Status: UNCONFIRMED → NEW
Ever confirmed: true
Keywords: perf
Component: General → Performance
Profile: (linux64, non-WR, Inbound from a day ago with a JIT Shape counter patch by mgaudet added; shouldn't affect this) https://perfht.ml/2PAPnX1 Lots of hits in recvmsg(); almost all related to layers (RenderLayerWithCallback, etc): https://perfht.ml/2QO6wt0 Overall a lot of time in Paint/etc functions Lots of Reflows; starting around 0.5ms, running up to 2.5ish ms by the end. Lots of DisplayLists (see marker chart); starting at a few ms and going up to 20ms(!) by the end. First non-blank paint after 1.1s; first contentful paint after ~2.4s Layerbuilding starts out in low-ms range; goes to ~10ms by the end.

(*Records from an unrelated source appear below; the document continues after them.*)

(* Let $g\ge1$, $n=g+1$, $k\in\{1,\dots,g\}$, $I_k=\{1,\dots,k\}$. Define the rational map $\tilde\psi_{[\mathbf k],v_1}:\mathbb C^{2g+1}\dashrightarrow(\mathbb C^* )^{\binom nk}\times\mathbb{WP}^{3g-1}$, $(\lambda_1,\dots,\lambda_g,\kappa_1,\dots,\kappa_n)\mapsto((\alpha_J)_{J\in\binom{[n]}k},(\mathbf U,\mathbf V,\mathbf W))$ by $$\alpha_J=\frac{\tilde A_JK_J}{\tilde A_{I_k}K_{I_k}}=\frac{K_J^2}{K_{I_k}^2}\prod_{l=1}^g\lambda_l^{(B^T\mathbf c_J)_{l+1}},\qquad[\mathbf U\ \mathbf V\ \mathbf W]=BK.$$ Then the Zariski closure of the image of $\tilde\psi_{[\mathbf k],v_1}$ equals $\mathcal H_{\Gamma,[\mathbf k],v_1}$, the Zariski closure of the image of the map $\psi_{[\mathbf k],v_1}(\beta,\kappa)=((\alpha_I)_I,(\mathbf U,\mathbf V,\mathbf W))$ with $\alpha_I=a_{\mathbf c_I}(\kappa)\prod_l\beta_l^{(\mathbf c_I)_l}$ and $[\mathbf U\ \mathbf V\ \mathbf W]=BK$; i.e. the two parametrizations are equivalent.
   Context: $B\in\mathbb Z^{g\times n}$ has $B_{i,1}=1$, $B_{i,i+1}=-1$, other entries $0$; $K$ is the $n\times 3$ matrix $K_{ij}=\kappa_i^j$; $\mathbb{WP}^{3g-1}$ has coordinates $(\mathbf U,\mathbf V,\mathbf W)$ of weights $1,2,3$. $\tilde A=V\cdot\mathrm{diag}(1,\lambda_1,\dots,\lambda_g)$ with $V_{ij}=\kappa_j^{i-1}$ ($k\times n$), $\tilde A_J$ its maximal minor on columns $J$, and $K_J=\prod_{i<j\in J}(\kappa_j-\kappa_i)$. Let $\mathbf s\in\mathbb R^n$ have first $k$ entries $1$, rest $0$; for a $k$-subset $I$, $\mathbf c_I\in\mathbb Z^g$ is the unique vector with $B^T\mathbf c_I+\mathbf s=\mathbf 1_I$. For $\mathbf c\in\mathbb Z^g$, $a_{\mathbf c}(\kappa)=\prod_{i}(\kappa_{i+1}-\kappa_1)^{-2c_i^2}\prod_{i<j}\big(\frac{(\kappa_{i+1}-\kappa_{j+1})^2}{(\kappa_{i+1}-\kappa_1)^2(\kappa_{j+1}-\kappa_1)^2}\big)^{c_ic_j}$. $\mathcal H_{\Gamma,[\mathbf k],v_1}$ is the Hirota variety component of the genus-$g$ banana graph parametrizing KP multi-solitons from degenerate hyperelliptic curves. *)

From HB Require Import structures.
From mathcomp Require Import all_boot all_order all_algebra.
From mathcomp Require Import reals complex.
Set Implicit Arguments. Unset Strict Implicit. Unset Printing Implicit Defensive.
Import Order.TTheory GRing.Theory Num.Theory.
Local Open Scope ring_scope.
Local Open Scope complex_scope.

Section Defs.
Variable F : fieldType.

(* A polynomial in variables indexed by a finite type X is a finite list of
   (coefficient, exponent vector) terms. *)
Definition polyf (X : finType) := seq (F * {ffun X -> nat}).

Definition peval (X : finType) (p : polyf X) (v : X -> F) : F :=
  \sum_(m <- p) m.1 * \prod_(x : X) v x ^+ m.2 x.

Definition zclosure (X : finType) (S : (X -> F) -> Prop) : (X -> F) -> Prop :=
  fun v => forall p : polyf X, (forall w, S w -> peval p w = 0) -> peval p v = 0.

Variables (g k : nat).
(* n = g + 1 ; indices are 0-based: kappa_1..kappa_n  ~  kappa 0 .. kappa g *)

Definition ksub := {J : {set 'I_g.+1} | #|J| == k}.

Definition Ik : {set 'I_g.+1} := [set i : 'I_g.+1 | (i < k)%N].

Definition Bmx : 'M[F]_(g, g.+1) :=
  \matrix_(i < g, j < g.+1)
     ((if j == ord0 then 1 else 0) - (if j == lift ord0 i then 1 else 0)).

Definition Kmx (kappa : 'I_g.+1 -> F) : 'M[F]_(g.+1, 3) :=
  \matrix_(i < g.+1, j < 3) kappa i ^+ j.+1.

Definition Vmx (kappa : 'I_g.+1 -> F) : 'M[F]_(k, g.+1) :=
  \matrix_(i < k, j < g.+1) kappa j ^+ i.
Definition Dmx (lambda : 'I_g -> F) : 'M[F]_(g.+1) :=
  diag_mx (\row_(j < g.+1) if unlift ord0 j is Some l then lambda l else 1).
Definition Atil (lambda : 'I_g -> F) (kappa : 'I_g.+1 -> F) : 'M[F]_(k, g.+1) :=
  Vmx kappa *m Dmx lambda.

(* maximal minor on the columns J (taken in increasing order) *)
Definition minorA (lambda : 'I_g -> F) (kappa : 'I_g.+1 -> F)
    (J : {set 'I_g.+1}) : F :=
  \det (colsub (fun j : 'I_k => nth ord0 (enum J) j) (Atil lambda kappa)).

Definition KJ (kappa : 'I_g.+1 -> F) (J : {set 'I_g.+1}) : F :=
  \prod_(i in J) \prod_(j in J | (i < j)%N) (kappa j - kappa i).
(* Let $p$ be a prime and $G$ a finite $p$-group of maximal class which has an abelian maximal subgroup. Then every non-abelian subgroup $H$ of $G$ satisfies $C_G(H)\le H$.
   Context: A group of order $p^n$ ($n\ge 2$) has maximal class if its nilpotency class is $n-1$. $C_G(H)$ denotes the centralizer of $H$ in $G$. *)

From mathcomp Require Import all_boot all_fingroup all_solvable.
Set Implicit Arguments. Unset Strict Implicit. Unset Printing Implicit Defensive.
Local Open Scope group_scope.

Definition maximal_class (gT : finGroupType) (p : nat) (G : {set gT}) : Prop :=
  exists n : nat, (2 <= n)%N /\ #|G| = (p ^ n)%N /\ nil_class G = n.-1.

From mathcomp Require Import all_boot all_fingroup all_solvable.
From mathcomp Require Import zify.
Set Implicit Arguments. Unset Strict Implicit. Unset Printing Implicit Defensive.
Local Open Scope group_scope.

(* Fix an abelian maximal subgroup M of G.  An element h outside M centralizes
   M * <[h]> = G as soon as it commutes with an element of M, so 'C_M[h] is
   central and 'C_G[h] = 'C_M[h] * <[h]> is abelian.  A nonabelian H <= G must
   therefore have 'Z(H) <= M (a central z of H outside M would make H <= 'C_G[z]
   abelian), hence 'Z(H) <= 'C_M[h] <= 'Z(G) for any h in H outside M.  In
   maximal class the centre has order p, so 'Z(G) = 'Z(H) <= H, and finally
   'C_G(H) <= 'C_G[h] = 'C_M[h] * <[h]> <= 'Z(G) * <[h]> <= H. *)

Lemma maximal_class_nil_class (gT : finGroupType) (p : nat) (G : {group gT}) :
  prime p -> maximal_class p G -> nil_class G = (logn p #|G|).-1.
Proof. by move=> p_pr [n [_ [-> ->]]]; rewrite pfactorK. Qed.

Lemma logn_center_factor_gt1 (gT : finGroupType) (p : nat) (G : {group gT}) :
  prime p -> p.-group G -> ~~ abelian G -> 1 < logn p #|G / 'Z(G)|.
Proof.
move=> p_pr pG not_cGG; rewrite ltnNge; apply: contra not_cGG => le_log1.
apply: cyclic_center_factor_abelian; rewrite (dvdn_prime_cyclic p_pr) //.
by rewrite (card_pgroup (quotient_pgroup _ pG)) (dvdn_exp2l _ le_log1).
Qed.

Lemma logn_card_center_factor (gT : finGroupType) (p : nat) (G : {group gT}) :
  logn p #|G| = logn p #|'Z(G)| + logn p #|G / 'Z(G)|.
Proof.
rewrite card_quotient ?normal_norm ?center_normal // -lognM ?cardG_gt0 //.
by rewrite Lagrange ?center_sub.
Qed.

(* The bound on the class of G / 'Z(G) leaves room for only one factor p in 'Z(G). *)
Lemma card_center_maximal_class (gT : finGroupType) (p : nat) (G : {group gT}) :
  prime p -> p.-group G -> maximal_class p G -> ~~ abelian G -> #|'Z(G)| = p.
Proof.
move=> p_pr pG mcG not_cGG.
have nilG := pgroup_nil pG.
have ntZ : 'Z(G) != 1.
  by rewrite center_nil_eq1 //; apply: contraNneq not_cGG => ->; apply: abelian1.
have [_ _ [k oZ]] := pgroup_pdiv (pgroupS (center_sub G) pG) ntZ.
have gt1_quo := logn_center_factor_gt1 p_pr pG not_cGG.
have class_quo : (logn p #|G|).-1.-1 <= maxn 1 (logn p #|G / 'Z(G)|).-1.
  rewrite -(maximal_class_nil_class p_pr mcG) -nil_class_quotient_center //.
  exact: nil_class_pgroup (quotient_pgroup _ pG).
rewrite logn_card_center_factor oZ pfactorK // in class_quo.
by rewrite oZ; have -> : k = 0%N by lia.
Qed.

Section AbelianMaximalSubgroup.

Variables (gT : finGroupType) (G M : {group gT}).
Hypotheses (nsMG : M <| G) (maxM : maximal M G) (cMM : abelian M).

Section OutsideElement.

Variable h : gT.
Hypotheses (hG : h \in G) (notMh : h \notin M).

Lemma mul_cycle_maximal : M * <[h]> = G.
Proof.
by apply: mulg_normal_maximal nsMG maxM _ _; rewrite cycle_subG.
Qed.

Lemma cent1_outside_maximalE : 'C_G[h] = 'C_M[h] * <[h]>.
Proof.
rewrite -{1}mul_cycle_maximal setIC -group_modr ?cycle_subG ?cent1id //.
by rewrite setIC.
Qed.

Lemma cent1_maximal_sub_center : 'C_M[h] \subset 'Z(G).
Proof.
apply/subsetP => x /setIP[Mx cxh].
rewrite inE (subsetP (normal_sub nsMG)) //= -mul_cycle_maximal centM inE cent_cycle cxh.
by rewrite andbT (subsetP cMM).
Qed.

Lemma abelian_cent1_outside_maximal : abelian 'C_G[h].
Proof.
rewrite cent1_outside_maximalE abelianM cycle_abelian (abelianS (subsetIl _ _)) //.
by rewrite centsC cent_cycle subsetIr.
Qed.

End OutsideElement.

Lemma center_nonabelian_sub_maximal (H : {group gT}) :
  H \subset G -> ~~ abelian H -> 'Z(H) \subset M.
Proof.
move=> sHG not_cHH; apply/subsetP => z Zz; apply: contraR not_cHH => notMz.
have [Hz cHz] := setIP Zz.
apply: abelianS (abelian_cent1_outside_maximal (subsetP sHG z Hz) notMz).
by rewrite subsetI sHG sub_cent1.
Qed.

Lemma center_nonabelian_sub_center (H : {group gT}) (h : gT) :
  H \subset G -> ~~ abelian H -> h \in H -> h \notin M -> 'Z(H) \subset 'Z(G).
Proof.
move=> sHG not_cHH Hh notMh.
apply: subset_trans (cent1_maximal_sub_center (subsetP sHG h Hh) notMh).
rewrite subsetI center_nonabelian_sub_maximal // sub_cent1.
by rewrite (subsetP _ h Hh) // centsC subsetIr.
Qed.

End AbelianMaximalSubgroup.

Theorem lemma6p11 (gT : finGroupType) (p : nat) (G : {group gT}) :
  prime p -> p.-group G -> maximal_class p G ->
  (exists M : {group gT}, maximal M G /\ abelian M) ->
  forall H : {group gT}, H \subset G -> ~~ abelian H -> 'C_G(H) \subset H.
Proof.
move=> p_pr pG mcG [M [maxM cMM]] H sHG not_cHH.
have [h Hh notMh] : exists2 h, h \in H & h \notin M.
  by apply/subsetPn; apply: contra not_cHH => /abelianS; apply.
have hG := subsetP sHG h Hh.
have nsMG := p_maximal_normal pG maxM.
have sZHZG := center_nonabelian_sub_center nsMG maxM cMM sHG not_cHH Hh notMh.
have ntZH : #|'Z(H)| != 1%N.
  rewrite -trivg_card1 center_nil_eq1 ?(pgroup_nil (pgroupS sHG pG)) //.
  by apply: contraNneq not_cHH => ->; apply: abelian1.
have oZG := card_center_maximal_class p_pr pG mcG (contra (abelianS sHG) not_cHH).
have sZGH : 'Z(G) \subset H.
  have oZH : #|'Z(H)| = p.
    by apply/(prime_nt_dvdP p_pr ntZH); rewrite (dvdn_trans (cardSg sZHZG)) ?oZG.
  have <- : 'Z(H) = 'Z(G) by apply/eqP; rewrite eqEcard sZHZG oZG oZH leqnn.
  exact: center_sub.
apply: subset_trans (_ : 'C_G[h] \subset H).
  by rewrite setIS // -cent_set1 centS ?sub1set.
rewrite (cent1_outside_maximalE nsMG maxM hG notMh) mul_subG ?cycle_subG //.
exact: subset_trans (cent1_maximal_sub_center nsMG maxM cMM hG notMh) sZGH.
Qed.
Lemma sgn_mul_opp (u v : Z) : (Z.sgn u * Z.sgn v = -1)%Z ->
  ((0 < u)%Z /\ (v < 0)%Z) \/ ((u < 0)%Z /\ (0 < v)%Z).
Proof.
case: (Z.sgn_spec u) => [[? ->]|[[? ->]|[? ->]]];
case: (Z.sgn_spec v) => [[? ->]|[[? ->]|[? ->]]]; lia.
Qed.

(* [b0] tells on which side of the middle level [x] lies. *)
Lemma opposing_pair_structure n k (x y : bs n) :
  ~~ odd n -> opposing_pair k x y -> exists b0 : bool,
  [/\ forall j, j \in differ x y -> x j = b0,
      ones x = (if b0 then n./2 + k else n./2 - k),
      #|[set i in agree x y | x i != b0]| = n./2 - k &
      ham x y = 2 * k].
Proof.
move=> n_even [sgn_xy [dx [dy hxy]]].
have [ox oy] := ones_split x y.
have D_le : #|[set i | x i] :&: differ x y| <= ham x y.
  by rewrite subset_leq_card ?subsetIr.
have nA := card_agree x y; have nh := half_add_half n_even.
have xA : #|[set i | x i] :&: agree x y| + #|agree x y :\: [set i | x i]| = #|agree x y|.
  by rewrite setIC cardsID.
move: sgn_xy dx dy; rewrite /sgnhalf /dhalf => /sgn_mul_opp sgn_xy dx dy.
set a := #|[set i | x i] :&: differ x y| in ox oy D_le.
have [x_up|x_down] : a = ham x y \/ a = 0 by lia.
- exists true; split=> //.
  + move=> j jD; have : [set i | x i] :&: differ x y = differ x y.
      by apply/eqP; rewrite eqEcard subsetIr -/a x_up leqnn.
    by move/setP/(_ j); rewrite jD !inE => /andP [].
  + lia.
  + rewrite (_ : [set i in agree x y | x i != true] = agree x y :\: [set i | x i]).
      by lia.
    by apply/setP=> j; rewrite !inE; case: (x j); rewrite ?andbF ?andbT.
- exists false; split=> //.
  + move=> j jD; apply/negbTE/negP => xj.
    have /setP/(_ j) := cards0_eq x_down.
    by rewrite in_setI jD inE xj in_set0.
  + lia.
  + rewrite (_ : [set i in agree x y | x i != false] = [set i | x i] :&: agree x y).
      have ox' : ones x = n./2 - k by lia.
      by rewrite -ox' ox x_down.
    by apply/setP=> j; rewrite !inE; case: (x j); rewrite ?andbF ?andbT.
Qed.

Lemma bin_succ_le_double m j : j.*2 <= m.+1 -> 'C(m.+1, j) <= 2 * 'C(m, j).
Proof. by move=> jm; have := mul_bin_down m.+1 j; rewrite /=; nia. Qed.

Lemma jump_eq_half n (u : bs n) : (jump u == n./2) = (ones u == n./2).
Proof.
have ones_le : ones u <= n by rewrite /ones -[n in _ <= n]card_ord max_card.
rewrite /jump; case: (eqVneq (ones u) n) => [->|u_n]; first by [].
case: (eqVneq (ones u) n./2) => [u_half|u_half]; first by rewrite eqxx.
by apply/negbTE/eqP; lia.
Qed.

Local Open Scope R_scope.

Lemma sum_K1 n (x y : bs n) (F : bs n -> R) :
  \big[Rplus/0]_(z : bs n) (K1 x y z * F z) =
  \big[Rplus/0]_(i in agree x y) (/ INR #|agree x y| * F (flip x i)).
Proof.
rewrite /K1 (eq_bigr (fun z => \big[Rplus/0]_(i in agree x y)
    (/ INR #|agree x y| * indR (z == flip x i) * F z)));
  last by move=> z _; rewrite big_distrl.
rewrite exchange_big /=; apply: eq_bigr => i _.
rewrite -(sumR_indR_eq (flip x i) (fun z => / INR #|agree x y| * F z)).
by apply: eq_bigr => z _; case: (z == flip x i) => /=; ring.
Qed.

Lemma psuccE n k (z y : bs n) :
  psucc k z y = \big[Rplus/0]_(S in ksets k z y)
     (/ INR #|ksets k z y| * indR (jump (flipset z S) == n./2)).
Proof.
rewrite /psucc /K2 (eq_bigr (fun u => \big[Rplus/0]_(S in ksets k z y)
    (/ INR #|ksets k z y| * indR (u == flipset z S) * indR (jump u == n./2))));
  last by move=> u _; rewrite big_distrl.
rewrite exchange_big /=; apply: eq_bigr => S _.
rewrite -(sumR_indR_eq (flipset z S)
  (fun u => / INR #|ksets k z y| * indR (jump u == n./2))).
by apply: eq_bigr => u _; case: (u == flipset z S) => /=; ring.
Qed.

Lemma K1_ge0 n (x y z : bs n) : 0 <= K1 x y z.
Proof.
apply: sumR_ge0 => i _; have := invR_nat_ge0 #|agree x y|.
by have := indR_bounds (z == flip x i); nra.
Qed.

Lemma psucc_bounds n k (z y : bs n) : 0 <= psucc k z y <= 1.
Proof.
have w_ge0 := invR_nat_ge0 #|ksets k z y|.
rewrite psuccE; split.
  by apply: sumR_ge0 => S _; have := indR_bounds (jump (flipset z S) == n./2); nra.
apply: (Rle_trans _ (\big[Rplus/0]_(S in ksets k z y) / INR #|ksets k z y|)).
  by apply: ler_sumR => S _; have := indR_bounds (jump (flipset z S) == n./2); nra.
rewrite sumR_const; have [->|ks_gt0] := posnP #|ksets k z y|.
  by rewrite Rmult_0_l; lra.
by rewrite Rinv_r; [lra | apply: not_0_INR; lia].
Qed.

(* An agreement position [i] is outward when [x i != b0], i.e. flipping it moves
   [x] one step further from the middle level. *)
Section FlipFromOpposing.
Variables (n k : nat) (x y : bs n) (b0 : bool).
Hypotheses (n_even : ~~ odd n) (k_ge1 : (1 <= k)%N) (k_le : (k <= n./2 - 1)%N)
  (differ_b0 : forall j, j \in differ x y -> x j = b0)
  (ones_x : ones x = (if b0 then n./2 + k else n./2 - k)%N)
  (ham_xy : ham x y = (2 * k)%N).

Lemma outward_flip i : i \in agree x y -> x i != b0 ->
  [/\ dhalf (flip x i) = k.+1, ham x (flip x i) = 1%N,
      ham (flip x i) y = (2 * k).+1 & psucc k (flip x i) y = 0].
Proof.
rewrite inE => /eqP xy_i xi_b0; have nh := half_add_half n_even.
have ones_z : ones (flip x i) = (if b0 then n./2 + k.+1 else n./2 - k.+1)%N.
  move: xi_b0 ones_x; case: b0; case xi: (x i) => //= _ ox.
    by rewrite ones_flip_false ?xi // ox addnS.
  by have := ones_flip_true xi; rewrite ox; lia.
split; first by rewrite /dhalf ones_z; case: (b0); lia.
- exact: ham_flip.
- by rewrite ham_flip_agree // ham_xy.
rewrite psuccE big1 // => S; rewrite inE => /andP [_ /eqP card_S].
have [lb ub] := ones_flipset_bounds (flip x i) S.
rewrite jump_eq_half (_ : (ones _ == n./2) = false) ?Rmult_0_r //.
by apply/negbTE; move: lb ub; rewrite ones_z card_S; case: (b0); lia.
Qed.
Lemma hdist_ge0 x y : 0 <= hdist H w x y.
Proof.
have [<-|xy] := eqVneq x y; first by rewrite /hdist eqxx.
exact: le_trans (ltW min_weight_gt0) (min_weight_le_hdist xy).
Qed.

Lemma hdist_triangle x y z : hdist H w x z <= hdist H w x y + hdist H w y z.
Proof.
have [<-|xz] := eqVneq x z; first by rewrite {1}/hdist eqxx addr_ge0 ?hdist_ge0.
have [<-|xy] := eqVneq x y; first by rewrite {2}/hdist eqxx add0r.
have [<-|yz] := eqVneq y z; first by rewrite {3}/hdist eqxx addr0.
rewrite -lerBlDr [hdist H w x y]hdistE //.
apply: lb_le_inf; first exact: path_weights_neq0.
move=> _ [p [xyp ->]]; rewrite lerBlDr addrC -lerBlDr [hdist H w y z]hdistE //.
apply: lb_le_inf; first exact: path_weights_neq0.
move=> _ [q [yzq ->]]; rewrite lerBlDr addrC /path_weight -big_cat.
exact/hdist_le_path/(dpath_cat xyp yzq).
Qed.

Lemma exists_out_edge u : (1 < #|V|)%N -> exists2 h, h \in H & u \in hA h.
Proof.
move=> V_gt1; have [x] : exists x, x \in predC1 u.
  by apply/card_gt0P; rewrite cardC1; case: #|V| V_gt1.
rewrite inE eq_sym => /connected [[|h p] //] /dpath_cons [/= /andP [hH _] uA _ _].
by exists h.
Qed.

Lemma mem_hrev h : (hrev h \in H) = (h \in H).
Proof. by apply/idP/idP=> [/woh [_ _ _]|/woh []//]; rewrite hrevK. Qed.

Lemma weight_hrev h : h \in H -> w (hrev h) = w h.
Proof. by case/woh=> _ _ _ _ []. Qed.

(* Reversal is a weight-preserving involution of H exchanging tails and heads,
   so the in- and out-distributions coincide. *)
Lemma mu_in_eq_mu_out alpha u : mu_in H w alpha u =1 mu_out H w alpha u.
Proof.
have rev_sum (P : pred (hedge V)) (F : hedge V -> R) :
    \sum_(h in H | P (hrev h)) F (hrev h) = \sum_(h in H | P h) F h.
  rewrite (reindex_inj (can_inj (@hrevK V))).
  by apply: eq_big => h; rewrite hrevK ?mem_hrev.
have S_rev : \sum_(h in H | u \in hB h) w h = \sum_(h in H | u \in hA h) w h.
  rewrite -(rev_sum (fun h => u \in hA h)).
  by apply: eq_bigr => h /andP [hH _]; rewrite weight_hrev.
move=> z; rewrite /mu_in /mu_out; case: ifP => // _; case: ifP => // _.
rewrite -(rev_sum (fun h => (u \in hA h) && (z \in hB h))) S_rev.
by congr (_ * _); apply: eq_bigr => h /andP [hH _]; rewrite weight_hrev.
Qed.

Lemma mu_out_ge0 alpha v z : 0 <= alpha <= 1 -> 0 <= mu_out H w alpha v z.
Proof.
move=> /andP [alpha_ge0 alpha_le1]; rewrite /mu_out; case: ifP => // _.
case: ifP => // _; rewrite mulr_ge0 ?subr_ge0 // sumr_ge0 // => h /andP [hH _].
rewrite mulr_ge0 ?invr_ge0 ?ler0n ?divr_ge0 ?sumr_ge0 ?ltW ?weight_gt0 //.
by move=> h' /andP [h'H _]; rewrite ltW ?weight_gt0.
Qed.

Lemma mu_out_offE alpha v z : z != v ->
  mu_out H w alpha v z = (1 - alpha) *
    \sum_(h in H | (v \in hA h) && (z \in hB h))
      ((#|hB h|%:R)^-1 * (w h / \sum_(h' in H | v \in hA h') w h')).
Proof.
move=> /negbTE zv; rewrite /mu_out zv; case: ifP => // zN.
rewrite big_pred0 ?mulr0 // => h; apply/negbTE; apply: contraFN zN.
by move=> /andP [hH vAzB]; rewrite inE; apply/existsP; exists h; rewrite hH.
Qed.

Lemma sum_mu_out alpha v : (1 < #|V|)%N -> \sum_z mu_out H w alpha v z = 1.
Proof.
move=> V_gt1; set S := \sum_(h in H | v \in hA h) w h.
have S_gt0 : 0 < S.
  have [h hH vA] := exists_out_edge v V_gt1.
  rewrite /S (bigD1 h) /=; last by rewrite hH.
  rewrite ltr_pwDl ?weight_gt0 // sumr_ge0 // => k /andP [/andP [kH _] _].
  exact/ltW/weight_gt0.
have no_loop : \sum_(h in H | (v \in hA h) && (v \in hB h)) (#|hB h|%:R)^-1 * (w h / S) = 0.
  rewrite big_pred0 // => h; apply/negbTE/andP => -[/woh [_ _ AB _ _]].
  by move=> /andP [vA vB]; move: AB => /disjointFr /(_ vA); rewrite vB.
rewrite (bigD1 v) //= {1}/mu_out eqxx.
under eq_bigr => z zv do rewrite mu_out_offE //.
rewrite -mulr_sumr [\sum_(z | z != v) _](_ : _ = \sum_z
    \sum_(h in H | (v \in hA h) && (z \in hB h)) (#|hB h|%:R)^-1 * (w h / S)).
  2: by rewrite [RHS](bigD1 v) //= no_loop add0r.
under eq_bigr do rewrite (eq_bigl _ _ (fun h => andbA _ _ _)).
rewrite sum_uniform_split => [|h /andP [/woh [] //]].
by rewrite -mulr_suml divff ?gt_eqF // mulr1 addrC subrK.
Qed.

Lemma hdist_le_max_weight_out v z : z \in Gamma H v -> hdist H w v z <= max_weight H w.
Proof.
rewrite inE => /existsP [h /and3P [hH vA zB]].
exact: le_trans (hdist_le_edge hH vA zB) (le_max_weight hH).
Qed.

Lemma hdist_le_max_weight_in v z : z \in Gamma H v -> hdist H w z v <= max_weight H w.
Proof.
rewrite inE => /existsP [h /and3P [hH vA zB]].
rewrite -mem_hrev in hH; apply: le_trans (hdist_le_edge hH zB vA) _.
by rewrite weight_hrev ?le_max_weight // -mem_hrev.
Qed.

Lemma mu_out_support alpha v z :
  z != v -> mu_out H w alpha v z != 0 -> z \in Gamma H v.
Proof. by rewrite /mu_out => /negbTE ->; case: ifP; rewrite ?eqxx. Qed.

Lemma wasserstein_ge u v alpha : (1 < #|V|)%N -> 0 <= alpha <= 1 ->
  hdist H w u v - 2 * ((1 - alpha) * max_weight H w)
    <= wasserstein H w (mu_in H w alpha u) (mu_out H w alpha v).
Proof.
move=> V_gt1 alpha01; set mu := mu_in H w alpha u; set nu := mu_out H w alpha v.
have mu_ge0 x : 0 <= mu x by rewrite /mu mu_in_eq_mu_out mu_out_ge0.
have nu_ge0 y : 0 <= nu y by rewrite mu_out_ge0.
have sum_mu : \sum_x mu x = 1.
  by under eq_bigr do rewrite /mu mu_in_eq_mu_out; rewrite sum_mu_out.
have sum_nu : \sum_y nu y = 1 by rewrite sum_mu_out.
apply: lb_le_inf.
  exists (\sum_x \sum_y (mu x * nu y) * hdist H w x y), (fun x y => mu x * nu y).
  split=> //; split=> [x y|x|y]; first by rewrite mulr_ge0.
  - by rewrite -mulr_sumr sum_nu mulr1.
  - by rewrite -mulr_suml sum_mu mul1r.
move=> _ [pi [pi_coupling ->]].
apply: le_trans (coupling_cost_ge u v hdist_triangle sum_mu pi_coupling).
have mean_mu : \sum_x mu x * hdist H w u x <= (1 - alpha) * max_weight H w.
  have -> : alpha = mu u by rewrite /mu /mu_in eqxx.
  apply: weighted_sum_le_off_atom; rewrite /hdist ?eqxx // => x xu.
  rewrite /mu mu_in_eq_mu_out -/(hdist H w u x).
  by move/(mu_out_support xu)/hdist_le_max_weight_out.
have mean_nu : \sum_y nu y * hdist H w y v <= (1 - alpha) * max_weight H w.
  have -> : alpha = nu v by rewrite /nu /mu_out eqxx.
  apply: weighted_sum_le_off_atom; rewrite /hdist ?eqxx // => y yv.
  rewrite -/(hdist H w y v).
  by move/(mu_out_support yv)/hdist_le_max_weight_in.
lra.
Qed.

End WeightedOrientedHypergraph.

LOTS of load* DOM events, and MozAfterPaint events - and each load* (load/loadstart/loadend) seems paired with a securitypolicyviolation event. Closeup of a section: https://perfht.ml/2QLBfqp Quite a lot in or under google maps API code (~1.8s of 8.9s sampled under _n.vh()) I don't know enough about how CSS (or SVG/GFX) is handled to comment on why the alternative is faster. I'll take an alternative profile
Attached file markerPerformance.html (modified) (obsolete) —
(modified file) Shockingly faster.... https://perfht.ml/2QNjmHX
Attached image yellowCircle.svg
Attachment #9025702 - Attachment description: markerPerformance.html → markerPerformance.html (modified)
One ton less DOM events due to the change (though they're not really the problem, they're a symptom/marker)
Overall difference is around 8s (for correct comparison, this is the original loaded from /tmp: https://perfht.ml/2QSyFiJ) vs 2.2s -- and the first 1.5-2 seconds of the load is the same basically for both.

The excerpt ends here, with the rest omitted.